### INPUT
Theorem lemma4p2 (n : nat) (lam3 b Rr r1 r2 r3 : R) :
  (15 <= n)%nat ->
  smallest_pos_root (INR n) lam3 ->
  let l := mexp (INR n) + lam3 in
  0 < b -> 0 < Rr ->
  is_sup_nonpos (u_out (INR n) b Rr l) r1 ->
  is_sup_nonpos (v_out (INR n) b Rr l) r2 ->
  is_sup_nonpos (w_out (INR n) b Rr l) r3 ->
  Rr < r1 -> r1 < r2 -> r2 < r3 ->
  (forall r, 0 < r -> - radLap (INR n) (u_out (INR n) b Rr l) r = v_out (INR n) b Rr l r) /\
  (forall r, 0 < r -> - radLap (INR n) (v_out (INR n) b Rr l) r = w_out (INR n) b Rr l r) /\
  (forall r, r1 < r -> - radLap (INR n) (w_out (INR n) b Rr l) r
                       <= Rpower (u_out (INR n) b Rr l r) (pJL6 (INR n))).
Proof.
  intros Hn Hroot l _ HRr [Hr1_ub _] _ _ HRr1 _ _.
  assert (HN : 15 <= INR n) by (apply le_INR in Hn; simpl in Hn; lra).
  assert (Hl : l = (INR n - 6) / 2) by (apply smallest_pos_root_eq; assumption).
  split; [| split]; intros r Hr.
  - now apply opp_radLap_u_out.
  - now apply opp_radLap_v_out.
  - assert (Hr0 : 0 < r) by lra.
    assert (Hu : 0 < u_out (INR n) b Rr l r).
    { apply Rnot_le_lt. intros Hle. pose proof (Hr1_ub r (conj Hr0 Hle)). lra. }
    destruct (Lconst_facts (INR n) HN) as (HL & _).
    rewrite opp_radLap_w_out, <- (u_out_linearization _ b Rr l r) by assumption.
    apply Rpower_tangent_le; [exact Hu | apply Rmult_lt_0_compat; [exact HL | apply exp_pos] |].
    apply Rlt_le, pJL6_gt_1, HN.
Qed.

### TASK DESCRIPTION
Keep both end lines and retype everything in the records above from the line containing "assert (Hl : l" through the line containing "rewrite opp_radLap_w_out, <- (u_out_linearization", exactly, with nothing else.

### EXPECTED ANSWER
  assert (Hl : l = (INR n - 6) / 2) by (apply smallest_pos_root_eq; assumption).
  split; [| split]; intros r Hr.
  - now apply opp_radLap_u_out.
  - now apply opp_radLap_v_out.
  - assert (Hr0 : 0 < r) by lra.
    assert (Hu : 0 < u_out (INR n) b Rr l r).
    { apply Rnot_le_lt. intros Hle. pose proof (Hr1_ub r (conj Hr0 Hle)). lra. }
    destruct (Lconst_facts (INR n) HN) as (HL & _).
    rewrite opp_radLap_w_out, <- (u_out_linearization _ b Rr l r) by assumption.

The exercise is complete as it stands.